## Provided information
<<<<
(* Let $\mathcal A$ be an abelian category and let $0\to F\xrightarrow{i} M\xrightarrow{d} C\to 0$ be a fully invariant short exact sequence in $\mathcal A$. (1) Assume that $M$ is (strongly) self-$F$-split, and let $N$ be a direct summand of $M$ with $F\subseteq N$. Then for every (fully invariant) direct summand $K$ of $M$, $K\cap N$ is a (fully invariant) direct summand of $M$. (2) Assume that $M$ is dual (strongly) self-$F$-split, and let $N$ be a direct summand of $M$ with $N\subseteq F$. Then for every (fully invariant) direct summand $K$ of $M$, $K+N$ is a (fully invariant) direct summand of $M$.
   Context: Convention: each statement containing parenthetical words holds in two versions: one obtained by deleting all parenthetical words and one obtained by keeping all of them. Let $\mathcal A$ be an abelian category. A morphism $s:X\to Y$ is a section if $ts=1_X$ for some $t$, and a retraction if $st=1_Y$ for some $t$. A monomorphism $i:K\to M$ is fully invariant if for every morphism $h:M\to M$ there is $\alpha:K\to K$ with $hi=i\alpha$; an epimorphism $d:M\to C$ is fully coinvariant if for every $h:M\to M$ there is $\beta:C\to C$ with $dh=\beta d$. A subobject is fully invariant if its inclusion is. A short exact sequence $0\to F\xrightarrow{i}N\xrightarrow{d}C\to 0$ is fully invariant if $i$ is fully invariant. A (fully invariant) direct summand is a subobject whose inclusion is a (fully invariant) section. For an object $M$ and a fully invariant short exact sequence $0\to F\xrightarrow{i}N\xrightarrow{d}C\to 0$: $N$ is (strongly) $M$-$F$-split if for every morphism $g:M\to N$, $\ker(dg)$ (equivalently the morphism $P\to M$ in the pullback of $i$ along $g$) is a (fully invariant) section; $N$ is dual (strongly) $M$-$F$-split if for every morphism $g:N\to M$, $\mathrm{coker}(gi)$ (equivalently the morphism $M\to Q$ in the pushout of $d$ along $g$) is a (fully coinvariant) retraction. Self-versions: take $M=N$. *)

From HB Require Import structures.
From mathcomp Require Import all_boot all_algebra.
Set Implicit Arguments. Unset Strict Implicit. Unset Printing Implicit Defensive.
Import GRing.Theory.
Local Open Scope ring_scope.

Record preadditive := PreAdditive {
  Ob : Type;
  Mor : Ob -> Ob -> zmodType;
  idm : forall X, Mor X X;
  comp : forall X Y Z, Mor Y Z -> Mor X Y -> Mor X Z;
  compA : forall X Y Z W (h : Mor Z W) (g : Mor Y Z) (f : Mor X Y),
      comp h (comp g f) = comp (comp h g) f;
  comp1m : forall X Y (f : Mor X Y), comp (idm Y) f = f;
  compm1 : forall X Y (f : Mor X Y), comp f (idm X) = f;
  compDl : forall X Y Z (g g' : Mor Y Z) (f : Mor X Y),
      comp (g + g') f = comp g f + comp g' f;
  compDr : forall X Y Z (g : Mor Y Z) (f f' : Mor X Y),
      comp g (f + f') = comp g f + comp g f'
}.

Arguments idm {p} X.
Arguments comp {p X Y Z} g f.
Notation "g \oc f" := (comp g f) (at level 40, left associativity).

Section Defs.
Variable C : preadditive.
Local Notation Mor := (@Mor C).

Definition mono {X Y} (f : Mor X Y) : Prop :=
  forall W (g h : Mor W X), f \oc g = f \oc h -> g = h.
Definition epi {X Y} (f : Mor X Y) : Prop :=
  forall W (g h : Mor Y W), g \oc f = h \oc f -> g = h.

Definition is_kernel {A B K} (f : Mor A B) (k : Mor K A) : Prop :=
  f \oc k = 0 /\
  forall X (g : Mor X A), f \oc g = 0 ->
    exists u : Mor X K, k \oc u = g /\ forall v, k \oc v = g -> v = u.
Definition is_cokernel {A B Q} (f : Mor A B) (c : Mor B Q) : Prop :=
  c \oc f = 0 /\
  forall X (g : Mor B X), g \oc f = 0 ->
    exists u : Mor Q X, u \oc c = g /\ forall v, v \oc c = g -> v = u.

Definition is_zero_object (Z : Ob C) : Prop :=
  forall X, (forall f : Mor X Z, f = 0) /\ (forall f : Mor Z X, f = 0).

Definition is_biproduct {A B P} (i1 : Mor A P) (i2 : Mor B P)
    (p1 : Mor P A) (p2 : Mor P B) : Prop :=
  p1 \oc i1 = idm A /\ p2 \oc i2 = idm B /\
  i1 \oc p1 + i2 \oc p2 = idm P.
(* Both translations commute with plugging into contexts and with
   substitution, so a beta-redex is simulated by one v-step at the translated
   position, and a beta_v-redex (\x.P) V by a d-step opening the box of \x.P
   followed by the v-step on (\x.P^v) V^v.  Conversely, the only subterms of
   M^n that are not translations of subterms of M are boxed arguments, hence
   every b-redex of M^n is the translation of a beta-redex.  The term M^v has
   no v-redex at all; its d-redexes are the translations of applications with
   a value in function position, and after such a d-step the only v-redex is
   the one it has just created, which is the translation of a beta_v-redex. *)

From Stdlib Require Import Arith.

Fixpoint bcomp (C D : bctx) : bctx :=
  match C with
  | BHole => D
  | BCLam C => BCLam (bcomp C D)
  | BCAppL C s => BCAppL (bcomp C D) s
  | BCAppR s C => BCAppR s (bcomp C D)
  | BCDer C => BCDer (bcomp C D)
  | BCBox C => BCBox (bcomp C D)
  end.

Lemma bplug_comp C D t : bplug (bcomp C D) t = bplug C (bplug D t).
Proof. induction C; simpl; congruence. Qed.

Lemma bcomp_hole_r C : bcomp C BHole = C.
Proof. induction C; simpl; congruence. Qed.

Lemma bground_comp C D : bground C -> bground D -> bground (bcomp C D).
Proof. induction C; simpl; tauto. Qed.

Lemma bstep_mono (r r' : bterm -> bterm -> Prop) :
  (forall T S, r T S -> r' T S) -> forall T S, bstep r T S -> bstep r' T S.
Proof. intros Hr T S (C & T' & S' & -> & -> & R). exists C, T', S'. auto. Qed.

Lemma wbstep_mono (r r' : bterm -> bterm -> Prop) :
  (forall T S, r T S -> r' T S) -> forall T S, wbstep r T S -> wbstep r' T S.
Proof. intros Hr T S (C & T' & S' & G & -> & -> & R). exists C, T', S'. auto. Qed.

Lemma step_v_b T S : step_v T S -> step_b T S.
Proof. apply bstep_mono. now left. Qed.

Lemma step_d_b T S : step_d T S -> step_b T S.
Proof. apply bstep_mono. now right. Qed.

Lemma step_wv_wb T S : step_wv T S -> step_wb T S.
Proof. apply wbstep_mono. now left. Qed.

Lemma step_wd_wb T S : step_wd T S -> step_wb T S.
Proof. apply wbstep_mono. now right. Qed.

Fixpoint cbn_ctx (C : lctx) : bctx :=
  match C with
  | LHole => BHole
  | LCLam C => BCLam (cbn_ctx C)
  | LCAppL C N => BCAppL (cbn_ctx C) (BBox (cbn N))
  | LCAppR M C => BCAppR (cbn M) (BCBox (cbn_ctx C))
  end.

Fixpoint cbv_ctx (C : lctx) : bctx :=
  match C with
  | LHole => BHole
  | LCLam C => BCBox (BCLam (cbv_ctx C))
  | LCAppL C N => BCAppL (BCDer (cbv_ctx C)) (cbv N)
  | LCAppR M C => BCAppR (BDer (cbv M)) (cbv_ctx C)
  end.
>>>>
<<<<
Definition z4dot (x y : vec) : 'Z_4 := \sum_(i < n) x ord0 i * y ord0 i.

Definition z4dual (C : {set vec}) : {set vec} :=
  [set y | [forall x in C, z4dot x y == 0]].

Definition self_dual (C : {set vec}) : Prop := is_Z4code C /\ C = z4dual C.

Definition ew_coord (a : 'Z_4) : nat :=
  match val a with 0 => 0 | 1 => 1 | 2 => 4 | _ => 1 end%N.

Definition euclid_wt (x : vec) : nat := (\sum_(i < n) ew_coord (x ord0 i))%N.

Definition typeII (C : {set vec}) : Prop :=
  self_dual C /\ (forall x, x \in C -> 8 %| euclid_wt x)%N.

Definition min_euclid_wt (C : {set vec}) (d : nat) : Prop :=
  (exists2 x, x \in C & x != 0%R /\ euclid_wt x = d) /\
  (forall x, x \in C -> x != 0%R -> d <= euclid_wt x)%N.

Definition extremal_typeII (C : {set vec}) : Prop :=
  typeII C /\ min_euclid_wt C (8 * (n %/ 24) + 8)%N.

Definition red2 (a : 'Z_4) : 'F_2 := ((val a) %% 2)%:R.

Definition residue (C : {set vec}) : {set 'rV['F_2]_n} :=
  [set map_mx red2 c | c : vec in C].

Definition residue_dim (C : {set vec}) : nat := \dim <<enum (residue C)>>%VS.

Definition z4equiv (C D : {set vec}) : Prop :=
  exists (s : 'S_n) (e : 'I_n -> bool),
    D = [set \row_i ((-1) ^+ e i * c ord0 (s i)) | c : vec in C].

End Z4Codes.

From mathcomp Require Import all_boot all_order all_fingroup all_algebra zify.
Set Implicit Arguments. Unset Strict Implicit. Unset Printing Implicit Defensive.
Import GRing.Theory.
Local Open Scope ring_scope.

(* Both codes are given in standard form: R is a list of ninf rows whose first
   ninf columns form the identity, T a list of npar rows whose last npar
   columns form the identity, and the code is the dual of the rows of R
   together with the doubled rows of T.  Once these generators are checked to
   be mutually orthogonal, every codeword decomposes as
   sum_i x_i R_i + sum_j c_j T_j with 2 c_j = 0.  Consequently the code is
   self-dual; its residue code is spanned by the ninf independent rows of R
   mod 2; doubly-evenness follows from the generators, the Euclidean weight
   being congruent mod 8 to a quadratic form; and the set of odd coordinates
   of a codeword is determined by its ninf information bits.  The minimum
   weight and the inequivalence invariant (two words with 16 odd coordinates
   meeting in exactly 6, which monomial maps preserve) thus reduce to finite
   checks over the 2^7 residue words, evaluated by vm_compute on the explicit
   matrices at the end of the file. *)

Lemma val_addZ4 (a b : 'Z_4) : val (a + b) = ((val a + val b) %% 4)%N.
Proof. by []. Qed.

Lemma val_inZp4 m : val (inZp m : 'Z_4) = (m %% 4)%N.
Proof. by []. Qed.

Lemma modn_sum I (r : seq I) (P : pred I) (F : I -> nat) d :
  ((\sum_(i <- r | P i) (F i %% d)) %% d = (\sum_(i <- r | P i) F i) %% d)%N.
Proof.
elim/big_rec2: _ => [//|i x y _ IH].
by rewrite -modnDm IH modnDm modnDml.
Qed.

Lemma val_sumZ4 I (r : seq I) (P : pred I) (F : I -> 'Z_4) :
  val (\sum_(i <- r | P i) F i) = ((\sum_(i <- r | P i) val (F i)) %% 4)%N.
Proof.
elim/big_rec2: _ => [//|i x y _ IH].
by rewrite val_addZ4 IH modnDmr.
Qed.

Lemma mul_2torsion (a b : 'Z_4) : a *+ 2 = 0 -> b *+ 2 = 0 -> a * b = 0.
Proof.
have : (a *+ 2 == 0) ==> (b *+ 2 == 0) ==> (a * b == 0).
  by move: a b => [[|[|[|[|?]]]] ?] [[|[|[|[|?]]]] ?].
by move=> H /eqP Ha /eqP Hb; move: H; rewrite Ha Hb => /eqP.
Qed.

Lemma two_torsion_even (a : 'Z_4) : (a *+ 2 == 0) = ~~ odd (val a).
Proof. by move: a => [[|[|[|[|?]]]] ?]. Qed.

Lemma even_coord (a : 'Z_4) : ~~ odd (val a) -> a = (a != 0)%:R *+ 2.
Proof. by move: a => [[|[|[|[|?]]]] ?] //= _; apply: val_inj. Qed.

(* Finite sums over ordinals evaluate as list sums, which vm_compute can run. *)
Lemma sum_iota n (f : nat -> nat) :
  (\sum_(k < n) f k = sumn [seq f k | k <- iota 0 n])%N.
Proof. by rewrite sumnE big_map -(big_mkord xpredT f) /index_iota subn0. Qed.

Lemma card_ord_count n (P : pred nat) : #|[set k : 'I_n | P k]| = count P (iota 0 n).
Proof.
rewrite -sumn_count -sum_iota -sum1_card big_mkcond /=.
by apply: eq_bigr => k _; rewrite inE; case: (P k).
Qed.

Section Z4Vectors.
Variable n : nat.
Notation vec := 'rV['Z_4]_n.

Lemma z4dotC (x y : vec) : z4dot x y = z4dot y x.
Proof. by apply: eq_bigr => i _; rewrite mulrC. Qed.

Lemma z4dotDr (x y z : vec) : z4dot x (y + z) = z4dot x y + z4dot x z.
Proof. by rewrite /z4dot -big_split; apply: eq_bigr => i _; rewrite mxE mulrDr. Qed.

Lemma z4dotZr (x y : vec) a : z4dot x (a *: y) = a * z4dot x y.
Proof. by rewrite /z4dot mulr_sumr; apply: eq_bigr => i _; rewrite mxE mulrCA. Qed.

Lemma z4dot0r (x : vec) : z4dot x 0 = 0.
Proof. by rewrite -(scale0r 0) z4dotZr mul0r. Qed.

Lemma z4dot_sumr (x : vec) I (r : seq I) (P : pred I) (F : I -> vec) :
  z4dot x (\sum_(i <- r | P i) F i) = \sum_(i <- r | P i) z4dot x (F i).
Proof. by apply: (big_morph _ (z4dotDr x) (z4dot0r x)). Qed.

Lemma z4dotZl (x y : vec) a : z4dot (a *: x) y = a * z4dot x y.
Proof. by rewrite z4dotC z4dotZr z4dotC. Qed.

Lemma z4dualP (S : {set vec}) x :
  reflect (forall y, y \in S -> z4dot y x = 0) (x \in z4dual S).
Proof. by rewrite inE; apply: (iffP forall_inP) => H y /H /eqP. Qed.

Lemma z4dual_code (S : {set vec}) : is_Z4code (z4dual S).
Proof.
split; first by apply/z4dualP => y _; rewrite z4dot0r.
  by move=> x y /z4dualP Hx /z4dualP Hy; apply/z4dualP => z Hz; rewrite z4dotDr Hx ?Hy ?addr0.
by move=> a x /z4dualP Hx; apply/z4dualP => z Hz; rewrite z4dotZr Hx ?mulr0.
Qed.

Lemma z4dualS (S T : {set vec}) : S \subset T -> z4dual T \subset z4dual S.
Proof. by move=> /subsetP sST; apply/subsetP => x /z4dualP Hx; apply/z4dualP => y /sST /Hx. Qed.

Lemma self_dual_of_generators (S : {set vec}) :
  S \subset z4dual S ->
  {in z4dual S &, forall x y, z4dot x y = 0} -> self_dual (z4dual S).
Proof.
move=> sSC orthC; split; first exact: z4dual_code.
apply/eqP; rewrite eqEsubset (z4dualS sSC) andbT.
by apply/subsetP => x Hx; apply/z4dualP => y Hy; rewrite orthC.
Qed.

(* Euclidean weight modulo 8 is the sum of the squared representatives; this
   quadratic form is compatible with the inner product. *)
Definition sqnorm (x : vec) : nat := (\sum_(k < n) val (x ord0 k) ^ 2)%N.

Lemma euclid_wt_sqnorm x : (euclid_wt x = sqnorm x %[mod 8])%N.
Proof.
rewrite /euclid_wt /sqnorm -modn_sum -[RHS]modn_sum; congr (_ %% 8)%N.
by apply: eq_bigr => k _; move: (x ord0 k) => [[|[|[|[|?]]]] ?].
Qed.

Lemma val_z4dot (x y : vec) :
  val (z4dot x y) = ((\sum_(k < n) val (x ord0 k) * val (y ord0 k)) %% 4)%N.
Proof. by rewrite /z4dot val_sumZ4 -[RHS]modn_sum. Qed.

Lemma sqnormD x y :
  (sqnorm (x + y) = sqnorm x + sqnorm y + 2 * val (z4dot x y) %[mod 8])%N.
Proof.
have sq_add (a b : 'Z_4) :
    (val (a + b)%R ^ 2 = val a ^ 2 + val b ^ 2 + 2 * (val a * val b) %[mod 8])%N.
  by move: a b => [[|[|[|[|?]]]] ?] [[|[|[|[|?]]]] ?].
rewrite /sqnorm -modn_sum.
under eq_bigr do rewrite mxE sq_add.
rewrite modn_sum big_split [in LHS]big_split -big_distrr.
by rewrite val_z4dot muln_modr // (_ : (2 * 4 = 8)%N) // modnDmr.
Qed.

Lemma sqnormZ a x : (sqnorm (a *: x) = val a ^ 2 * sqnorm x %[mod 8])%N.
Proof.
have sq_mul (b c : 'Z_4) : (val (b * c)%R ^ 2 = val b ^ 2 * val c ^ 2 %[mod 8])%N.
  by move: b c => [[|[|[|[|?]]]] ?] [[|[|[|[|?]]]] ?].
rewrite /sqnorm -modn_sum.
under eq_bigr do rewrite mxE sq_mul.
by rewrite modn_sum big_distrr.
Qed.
>>>>
## Required work
Search the data above for the word "mathcomp" and show every line that has it.

## Problem solution
From mathcomp Require Import all_boot all_algebra.
From mathcomp Require Import all_boot all_order all_fingroup all_algebra zify.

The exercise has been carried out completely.